Feldman’s decision was one many marriage-equality supporters had been waiting for. Despite the bipartisan legal consensus reached by judges appointed by Republicans and Democrats that bans on same-sex marriage infringe on the constitutional rights of same-sex couples, inevitably, it seemed, a federal judge somewhere would disagree.
“I wouldn’t say it was inevitable but it’s not astonishing that one judge out of so many from one court out of so many from one state out of so many might get it wrong,” adds Wolfson.
For opponents of same-sex marriage, who have witnessed public support flee from their side in recent years, the decision was the morale boost they had been waiting for.
“Here we see the house of cards collapsing that supported the myth that redefining marriage is inevitable,” said Brian Brown, president of the National Organization for Marriage, in a statement. “This decision by Judge Feldman in Louisiana is a great win for the cause of marriage, coming as it does on the heels of other pro-marriage court victories, that puts the lie to the claim that it is inevitable the US Supreme Court will redefine marriage. To the contrary, we believe they will leave this issue with the states.” In a fundraising email to supporters, Brown described Feldman’s decision as “a wonderful resource and encouragement” that is “like a breath of fresh air let into a dank and stale cellar.”
Tony Perkins, president of the Family Research Council, said the ruling was a victory for children, the rule law and religious liberty and free speech, “which are undermined anywhere marriage is redefined.”
One day later, however, the 7th Circuit Court of Appeals ruled 3-0 in a decision penned by a judge nominated by President Ronald Reagan that same-sex marriage bans in Indiana and Wisconsin are unconstitutional.

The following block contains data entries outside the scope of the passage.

(* Let $X$ be a real Hilbert space and let $T_1,T_2,T_3\colon X\to X$ be $\sigma_1$-, $\sigma_2$-, and $\sigma_3$-cocoercive, respectively. Let $\eta,\nu,\lambda,\delta>0$, set $S:=-\nu\mathrm{Id}+\lambda T_1-\delta T_3T_1$ and $$T:=\mathrm{Id}-\eta T_1+\eta T_2 S.$$ (i) If $\lambda=2\nu\sigma_1=2\sigma_2$ and $\eta^*:=\frac{1}{\nu}\big(\lambda-\frac{\delta}{2\sigma_3}\big)>0$, then for all $x,y\in X$, $$\|Tx-Ty\|^2\le\|x-y\|^2-\Big(\frac{\eta^*}{\eta}-1\Big)\|(\mathrm{Id}-T)x-(\mathrm{Id}-T)y\|^2-\frac{\delta}{2\eta\nu\sigma_3}\|(\mathrm{Id}-T)x-(\mathrm{Id}-T)y-2\eta\sigma_3(T_3T_1x-T_3T_1y)\|^2.$$ (ii) If $\lambda<\nu\sigma_1+\sigma_2$ and $$\eta^*:=\frac{1}{\nu}\Big(\frac{(2\nu\sigma_1-\lambda)(2\sigma_2-\lambda)}{2(\nu\sigma_1+\sigma_2-\lambda)}+\lambda-\frac{\delta}{2\sigma_3}\Big)>0,$$ then for all $x,y\in X$, $$\|Tx-Ty\|^2\le\|x-y\|^2-\Big(\frac{\eta^*}{\eta}-1\Big)\|(\mathrm{Id}-T)x-(\mathrm{Id}-T)y\|^2-\frac{\delta}{2\eta\nu\sigma_3}\|(\mathrm{Id}-T)x-(\mathrm{Id}-T)y-2\eta\sigma_3(T_3T_1x-T_3T_1y)\|^2$$ $$\qquad-\frac{\eta}{2\nu(\nu\sigma_1+\sigma_2-\lambda)}\|(2\nu\sigma_1-\lambda)(T_1x-T_1y)+(2\sigma_2-\lambda)(T_2Sx-T_2Sy)\|^2.$$ In both cases, $T$ is conically $\frac{\eta}{\eta^*}$-averaged.
   Context: An operator $T\colon X\to X$ is $\sigma$-cocoercive ($\sigma>0$) if $\langle x-y,Tx-Ty\rangle\ge\sigma\|Tx-Ty\|^2$ for all $x,y$. An operator $T\colon X\to X$ is conically $\theta$-averaged ($\theta>0$) if $T=(1-\theta)\mathrm{Id}+\theta N$ for some nonexpansive (1-Lipschitz) $N\colon X\to X$. *)

From HB Require Import structures.
From mathcomp Require Import all_boot all_order all_algebra.
From mathcomp Require Import all_classical all_reals all_analysis.
Set Implicit Arguments. Unset Strict Implicit. Unset Printing Implicit Defensive.
Import Order.TTheory GRing.Theory Num.Theory.
Import numFieldNormedType.Exports.
Local Open Scope ring_scope.

(* A real Hilbert space: a complete real normed space V whose norm is induced
   by an inner product [ip] (symmetric, linear in the first argument,
   and |x|^2 = <x,x>; positive definiteness follows from the norm axioms). *)
Definition hilbert_inner (R : realType) (V : completeNormedModType R)
  (ip : V -> V -> R) : Prop :=
  [/\ (forall x y, ip x y = ip y x),
      (forall a x y z, ip (a *: x + y) z = a * ip x z + ip y z) &
      (forall x, `|x| ^+ 2 = ip x x)].

Definition cocoercive (R : realType) (V : completeNormedModType R)
  (ip : V -> V -> R) (sigma : R) (T : V -> V) : Prop :=
  0 < sigma /\
  forall x y, sigma * `|T x - T y| ^+ 2 <= ip (x - y) (T x - T y).

Definition nonexpansive (R : realType) (V : completeNormedModType R)
  (N : V -> V) : Prop := forall x y, `|N x - N y| <= `|x - y|.

Definition conically_averaged (R : realType) (V : completeNormedModType R)
  (theta : R) (T : V -> V) : Prop :=
  0 < theta /\
  exists N : V -> V, nonexpansive N /\
    forall x, T x = (1 - theta) *: x + theta *: N x.

From HB Require Import structures.
From mathcomp Require Import all_boot all_order all_algebra.
From mathcomp Require Import all_classical all_reals all_analysis.
From mathcomp Require Import ring lra.
Import Order.TTheory GRing.Theory Num.Theory.
Import numFieldNormedType.Exports.
Local Open Scope ring_scope.

(* Write u = x - y, t1 = T1x - T1y, t2 = T2Sx - T2Sy, t3 = T3T1x - T3T1y, so
   that (Id - T)x - (Id - T)y = eta (t1 - t2) and Sx - Sy = -nu u + lam t1 -
   del t3.  Expanding the inner products gives an exact identity
   [descent_identity]: |Tx - Ty|^2 equals the claimed right-hand side, minus
   eta/nu times a quadratic form [coupling_form] in (t1, t2), minus positive
   multiples of the three cocoercivity slacks
     <u, t1> - s1|t1|^2,  <Sx - Sy, t2> - s2|t2|^2,  <t1, t3> - s3|t3|^2.
   Hence [fb_descent] bounds |Tx - Ty|^2 for any value of etas.  In case (i)
   the coupling form vanishes ([coupling_form_balanced]); in case (ii) it is
   the extra square of the statement ([coupling_form_strict]); this yields
   the two inequalities [fb_descent_balanced] and [fb_descent_strict].  Dropping
   the nonnegative extra terms leaves the bound
     |Tx - Ty|^2 <= |x - y|^2 - (etas/eta - 1) |(Id - T)x - (Id - T)y|^2,
   which means that T is conically eta/etas-averaged
   ([conically_averaged_of_descent]). *)

Lemma subr_sub3 {M : zmodType} (a b c a' b' c' : M) :
  (a + b + c) - (a' + b' + c') = (a - a') + (b - b') + (c - c').
Proof. by rewrite !opprD addrACA (addrACA a). Qed.

Lemma subrACA {M : zmodType} (a b c d : M) : (a - b) - (c - d) = (a - c) - (b - d).
Proof. by rewrite opprD addrACA -opprD. Qed.

(* The quadratic form in the increments t1 = T1x - T1y, t2 = T2Sx - T2Sy
   that is left over once the three cocoercivity slacks are extracted;
   rho is the weight of |t1 - t2|^2, related to etas by
   rho = nu * etas + del / (2 * s3). *)
Definition coupling_form {R : realType} {V : completeNormedModType R}
  (ip : V -> V -> R) (nu s1 s2 lam rho : R) (t1 t2 : V) : R :=
  2 * nu * s1 * `|t1| ^+ 2 - 2 * lam * ip t1 t2 + 2 * s2 * `|t2| ^+ 2
  - rho * `|t1 - t2| ^+ 2.

Section InnerProduct.
Context {R : realType} {V : completeNormedModType R} {ip : V -> V -> R}.
Hypothesis hip : hilbert_inner ip.

Lemma ipC x y : ip x y = ip y x.
Proof. by case: hip. Qed.

Lemma ipDl x y z : ip (x + y) z = ip x z + ip y z.
Proof. by case: hip => _ ipl _; rewrite -[x in LHS]scale1r ipl mul1r. Qed.

Lemma ipZl a x z : ip (a *: x) z = a * ip x z.
Proof.
have ip0l : ip 0 z = 0.
  by case: hip => _ ipl _; have := ipl 1 0 0 z; rewrite scale1r addr0 mul1r; lra.
by case: hip => _ ipl _; rewrite -[a *: x]addr0 ipl ip0l addr0.
Qed.

Lemma ipNl x z : ip (- x) z = - ip x z.
Proof. by rewrite -scaleN1r ipZl mulN1r. Qed.

Lemma ipDr x y z : ip z (x + y) = ip z x + ip z y.
Proof. by rewrite !(ipC z) ipDl. Qed.

Lemma ipZr a x z : ip z (a *: x) = a * ip z x.
Proof. by rewrite !(ipC z) ipZl. Qed.

Lemma ipNr x z : ip z (- x) = - ip z x.
Proof. by rewrite !(ipC z) ipNl. Qed.

Lemma sqr_norm x : `|x| ^+ 2 = ip x x.
Proof. by case: hip. Qed.

Local Ltac ip_expand := rewrite ?sqr_norm ?(ipDl, ipDr, ipNl, ipNr, ipZl, ipZr).

(* If [T] satisfies the descent bound
     |Tx - Ty|^2 <= |x - y|^2 - (k - 1) |(Id - T)x - (Id - T)y|^2
   with k > 0, then T = (1 - 1/k) Id + (1/k) N for the nonexpansive
   N := Id - k (Id - T): this is the conic averagedness of T. *)
Lemma conically_averaged_of_descent {T : V -> V} {k : R} : 0 < k ->
  (forall x y, `|T x - T y| ^+ 2 <=
     `|x - y| ^+ 2 - (k - 1) * `|(x - T x) - (y - T y)| ^+ 2) ->
  conically_averaged k^-1 T.
Proof.
move=> k_gt0 descent; split; first by rewrite invr_gt0.
exists (fun x => x - k *: (x - T x)); split => [x y|x]; last first.
  by rewrite scalerBr scalerA mulVf ?gt_eqF // scale1r scalerBl scale1r
             addrA subrK subKr.
have Tdiff : T x - T y = (x - y) - ((x - T x) - (y - T y)).
  by rewrite (subrACA x (T x)) subKr.
rewrite /= subrACA -scalerBr; have := descent x y; rewrite Tdiff.
set u := x - y; set d := (x - T x) - (y - T y); clearbody u d.
move=> bound; rewrite -(ler_pXn2r (n := 2)) ?nnegrE //; move: bound; ip_expand.
rewrite (ipC d u) => bound.
(* the bound says k |d|^2 <= 2 <u, d>; scaled by k it controls |u - k d|^2 *)
have : k * (k * ip d d - 2 * ip u d) <= 0 by rewrite pmulr_rle0 //; lra.
lra.
Qed.

(* The key identity of the proof: the squared increment of T written as the
   right-hand side of the claimed bound minus nonnegative multiples of the
   three cocoercivity slacks (of T1 at x,y; of T2 at Sx,Sy; of T3 at T1x,T1y).
   Here u = x - y, t3 = T3T1x - T3T1y and eta (t1 - t2) = (Id - T)x - (Id - T)y. *)
Lemma descent_identity (u t1 t2 t3 : V) (s1 s2 s3 eta nu lam del rho : R) :
  eta != 0 -> nu != 0 -> s3 != 0 ->
  `|u - eta *: (t1 - t2)| ^+ 2 =
    `|u| ^+ 2
    - (nu^-1 * (rho - del / (2 * s3)) / eta - 1) * `|eta *: (t1 - t2)| ^+ 2
    - del / (2 * eta * nu * s3) *
        `|eta *: (t1 - t2) - (2 * eta * s3) *: t3| ^+ 2
    - eta / nu * coupling_form ip nu s1 s2 lam rho t1 t2
    - (2 * eta * (ip u t1 - s1 * `|t1| ^+ 2)
       + 2 * eta / nu * (ip (- (nu *: u) + lam *: t1 - del *: t3) t2
                         - s2 * `|t2| ^+ 2)
       + 2 * eta * del / nu * (ip t1 t3 - s3 * `|t3| ^+ 2)).
Proof.
move=> eta0 nu0 s30; rewrite /coupling_form; ip_expand.
rewrite ?(ipC t1 u) ?(ipC t2 u) ?(ipC t3 u) ?(ipC t2 t1) ?(ipC t3 t1) ?(ipC t3 t2).
by field; rewrite nu0 s30 eta0.
Qed.

Lemma coupling_form_balanced {nu s1 s2 lam : R} {t1 t2 : V} :
  2 * nu * s1 = lam -> 2 * s2 = lam -> coupling_form ip nu s1 s2 lam lam t1 t2 = 0.
Proof.
move=> balanced1 balanced2; rewrite /coupling_form balanced1 balanced2; ip_expand.
by rewrite (ipC t2 t1); ring.
Qed.

Lemma coupling_form_strict {nu s1 s2 lam : R} {t1 t2 : V} :
  nu * s1 + s2 - lam != 0 ->
  coupling_form ip nu s1 s2 lam
    ((2 * nu * s1 - lam) * (2 * s2 - lam) / (2 * (nu * s1 + s2 - lam)) + lam)
    t1 t2 =
  `|(2 * nu * s1 - lam) *: t1 + (2 * s2 - lam) *: t2| ^+ 2
    / (2 * (nu * s1 + s2 - lam)).
Proof.
move=> D0; rewrite /coupling_form; ip_expand; rewrite (ipC t2 t1).
by field; rewrite D0.
Qed.

End InnerProduct.

Section ForwardBackward.
Context {R : realType} {V : completeNormedModType R} {ip : V -> V -> R}.
Context {T1 T2 T3 : V -> V} {s1 s2 s3 eta nu del : R}.
Variable lam : R.
Hypotheses (hip : hilbert_inner ip) (coco1 : cocoercive ip s1 T1)
  (coco2 : cocoercive ip s2 T2) (coco3 : cocoercive ip s3 T3).
Hypotheses (eta_gt0 : 0 < eta) (nu_gt0 : 0 < nu) (del_gt0 : 0 < del).

Let S x := - (nu *: x) + lam *: T1 x - del *: T3 (T1 x).
Let T x := x - eta *: T1 x + eta *: T2 (S x).

Lemma id_minus_fb x : x - T x = eta *: (T1 x - T2 (S x)).
Proof. by rewrite /T -addrA opprD addrA subrr add0r opprD opprK scalerBr. Qed.

(* For every weight rho, |Tx - Ty|^2 is bounded by the target expression,
   since the three cocoercivity slacks in [descent_identity] are nonnegative. *)
Lemma fb_descent (rho : R) x y :
  `|T x - T y| ^+ 2 <=
    `|x - y| ^+ 2
    - (nu^-1 * (rho - del / (2 * s3)) / eta - 1)
        * `|(x - T x) - (y - T y)| ^+ 2
    - del / (2 * eta * nu * s3) *
        `|(x - T x) - (y - T y) - (2 * eta * s3) *: (T3 (T1 x) - T3 (T1 y))| ^+ 2
    - eta / nu *
        coupling_form ip nu s1 s2 lam rho (T1 x - T1 y) (T2 (S x) - T2 (S y)).
Proof.
case: coco1 coco2 coco3 => s1_gt0 C1 [s2_gt0 C2] [s3_gt0 C3].
have -> : T x - T y = (x - y) - ((x - T x) - (y - T y)).
  by rewrite (subrACA x (T x)) subKr.
set u := x - y; set t1 := T1 x - T1 y; set t2 := T2 (S x) - T2 (S y).
set t3 := T3 (T1 x) - T3 (T1 y).
have Sdiff : S x - S y = - (nu *: u) + lam *: t1 - del *: t3.
  by rewrite /S -!scaleNr subr_sub3 -!scalerBr.
have ITdiff : (x - T x) - (y - T y) = eta *: (t1 - t2).
  by rewrite !id_minus_fb -scalerBr subrACA.
rewrite ITdiff (descent_identity hip u t1 t2 t3 s1 s2 s3 eta nu lam del rho)
  ?gt_eqF // lerBlDr lerDl.
have slack1 : 0 <= ip u t1 - s1 * `|t1| ^+ 2 by rewrite subr_ge0; exact: C1.
have slack2 : 0 <= ip (- (nu *: u) + lam *: t1 - del *: t3) t2 - s2 * `|t2| ^+ 2.
  by rewrite subr_ge0 -Sdiff; exact: C2.
have slack3 : 0 <= ip t1 t3 - s3 * `|t3| ^+ 2 by rewrite subr_ge0; exact: C3.
by rewrite !addr_ge0 // mulr_ge0 // ?divr_ge0 ?mulr_ge0 // ltW.
Qed.

Lemma fb_descent_balanced x y : lam = 2 * nu * s1 -> lam = 2 * s2 ->
  `|T x - T y| ^+ 2 <=
    `|x - y| ^+ 2
    - (nu^-1 * (lam - del / (2 * s3)) / eta - 1) * `|(x - T x) - (y - T y)| ^+ 2
    - del / (2 * eta * nu * s3) *
        `|(x - T x) - (y - T y) - (2 * eta * s3) *: (T3 (T1 x) - T3 (T1 y))| ^+ 2.
Proof.
move=> lam_eq1 lam_eq2; have := fb_descent lam x y.
by rewrite (coupling_form_balanced hip (esym lam_eq1) (esym lam_eq2)) mulr0 subr0.
Qed.

Lemma fb_descent_strict x y : lam < nu * s1 + s2 ->
  `|T x - T y| ^+ 2 <=
    `|x - y| ^+ 2
    - (nu^-1 * ((2 * nu * s1 - lam) * (2 * s2 - lam)
                  / (2 * (nu * s1 + s2 - lam)) + lam - del / (2 * s3)) / eta - 1)
        * `|(x - T x) - (y - T y)| ^+ 2
    - del / (2 * eta * nu * s3) *
        `|(x - T x) - (y - T y) - (2 * eta * s3) *: (T3 (T1 x) - T3 (T1 y))| ^+ 2
    - eta / (2 * nu * (nu * s1 + s2 - lam)) *
        `|(2 * nu * s1 - lam) *: (T1 x - T1 y)
          + (2 * s2 - lam) *: (T2 (S x) - T2 (S y))| ^+ 2.
Proof.
rewrite -subr_gt0 => D_gt0.
have := fb_descent ((2 * nu * s1 - lam) * (2 * s2 - lam)
                      / (2 * (nu * s1 + s2 - lam)) + lam) x y.
rewrite (coupling_form_strict hip (lt0r_neq0 D_gt0)).
suff -> : forall X, eta / nu * (X / (2 * (nu * s1 + s2 - lam))) =
                    eta / (2 * nu * (nu * s1 + s2 - lam)) * X by [].
by move=> X; field; rewrite !lt0r_neq0.
Qed.

End ForwardBackward.

Theorem proposition3p2 (R : realType) (V : completeNormedModType R)
  (ip : V -> V -> R) (T1 T2 T3 : V -> V) (s1 s2 s3 eta nu lam del : R) :
  hilbert_inner ip ->
  cocoercive ip s1 T1 -> cocoercive ip s2 T2 -> cocoercive ip s3 T3 ->
  0 < eta -> 0 < nu -> 0 < lam -> 0 < del ->
  let S := fun x => - (nu *: x) + lam *: T1 x - del *: T3 (T1 x) in
  let T := fun x => x - eta *: T1 x + eta *: T2 (S x) in
  let IT := fun x => x - T x in
  (* (i) *)
  (lam = 2 * nu * s1 -> lam = 2 * s2 ->
   let etas := nu^-1 * (lam - del / (2 * s3)) in
   0 < etas ->
   (forall x y,
     `|T x - T y| ^+ 2 <=
       `|x - y| ^+ 2
       - (etas / eta - 1) * `|IT x - IT y| ^+ 2
       - del / (2 * eta * nu * s3) *
           `|IT x - IT y - (2 * eta * s3) *: (T3 (T1 x) - T3 (T1 y))| ^+ 2)
   /\ conically_averaged (eta / etas) T) /\
  (* (ii) *)
  (lam < nu * s1 + s2 ->
   let etas := nu^-1 * ((2 * nu * s1 - lam) * (2 * s2 - lam)
                          / (2 * (nu * s1 + s2 - lam))
                        + lam - del / (2 * s3)) in
   0 < etas ->
   (forall x y,
     `|T x - T y| ^+ 2 <=
       `|x - y| ^+ 2
       - (etas / eta - 1) * `|IT x - IT y| ^+ 2
       - del / (2 * eta * nu * s3) *
           `|IT x - IT y - (2 * eta * s3) *: (T3 (T1 x) - T3 (T1 y))| ^+ 2
       - eta / (2 * nu * (nu * s1 + s2 - lam)) *
           `|(2 * nu * s1 - lam) *: (T1 x - T1 y)
             + (2 * s2 - lam) *: (T2 (S x) - T2 (S y))| ^+ 2)
   /\ conically_averaged (eta / etas) T).
Proof.
move=> hip coco1 coco2 coco3 eta_gt0 nu_gt0 _ del_gt0 S T IT.
have s3_gt0 : 0 < s3 by case: coco3.
have weight_ge0 : 0 <= del / (2 * eta * nu * s3).
  by rewrite divr_ge0 ?ltW // !mulr_gt0.
(* once the extra nonnegative terms are dropped, both bounds are descent
   bounds with k = etas / eta *)
have averaged etas : 0 < etas ->
    (forall x y, `|T x - T y| ^+ 2 <=
       `|x - y| ^+ 2 - (etas / eta - 1) * `|IT x - IT y| ^+ 2) ->
    conically_averaged (eta / etas) T.
  move=> etas_gt0 bound; rewrite -invf_div.
  exact: (conically_averaged_of_descent hip (divr_gt0 etas_gt0 eta_gt0) bound).
have descent_i := fb_descent_balanced lam hip coco1 coco2 coco3 eta_gt0 nu_gt0 del_gt0.
have descent_ii := fb_descent_strict lam hip coco1 coco2 coco3 eta_gt0 nu_gt0 del_gt0.
split=> [lam_eq1 lam_eq2 | lam_lt] etas etas_gt0.
- split=> [x y|]; first exact: descent_i.
  apply: averaged => // x y; apply: le_trans (descent_i x y lam_eq1 lam_eq2) _.
  by rewrite lerBlDr lerDl mulr_ge0.
- have D_gt0 : 0 < nu * s1 + s2 - lam by rewrite subr_gt0.
  split=> [x y|]; first exact: descent_ii.
  apply: averaged => // x y; apply: le_trans (descent_ii x y lam_lt) _.
  rewrite -[leLHS]addrA -opprD lerBlDr lerDl; apply: addr_ge0;
    by apply: mulr_ge0; rewrite // divr_ge0 ?ltW // !mulr_gt0.
Qed.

Perkins said that decision, unlike Feldman’s the day before, was a “radical departure from natural law and the received wisdom of human history.”
Feldman’s decision may not be the last to uphold a ban on same-sex marriage, but it is all but guaranteed to remain in the minority. No federal appeals court has yet to declare a state ban constitutional, although the 6th Circuit Court of Appeals when considering same-sex marriages bans in Michigan, Ohio, Tennessee and Kentucky last month seemed most skeptical of striking down such bans. Even an appeals court loss could work in the favor of marriage equality advocates by demonstrating a conflict among the circuits to the Supreme Court and need for the justices to resolve the matter.
“I think [Judge Feldman] clearly understood that his decision was at odds with every other court that has looked at this question and there are now more than 30 with judges appointed by Democratic and Republican presidents, Democratic and Republican governors, all coming to a different conclusion than the ones he offered up,” Wolfson says.
The decision to uphold the Louisiana ban will be appealed to the 5th Circuit Court of Appeals and even should it be reversed, Feldman’s view that the definition of marriage should be addressed through the democratic process seems likely to remain key in the ongoing debate over the right of same-sex couples to marry.
“Judge Feldman’s decision is an outlier, but will surely be brought up when a marriage case or cases reach the Supreme Court,” says Charles Joughin, spokesperson for the Human Rights Campaign.
With it appearing more and more likely that the Supreme Court will consider a same-sex marriage case next year, Feldman appeared to justify his decision to history and perhaps himself.
“It would no doubt be celebrated to be in the company of the near-unanimity of the many other federal courts that have spoken to this pressing issue, if this Court were confident in the belief that those cases provide a correct guide,” Feldman wrote. “Clearly, many other courts will have an opportunity to take up the issue of same-sex marriage; courts of appeals and, at some point, the U.S. Supreme Court. The decision of this Court is but one studied decision among many.”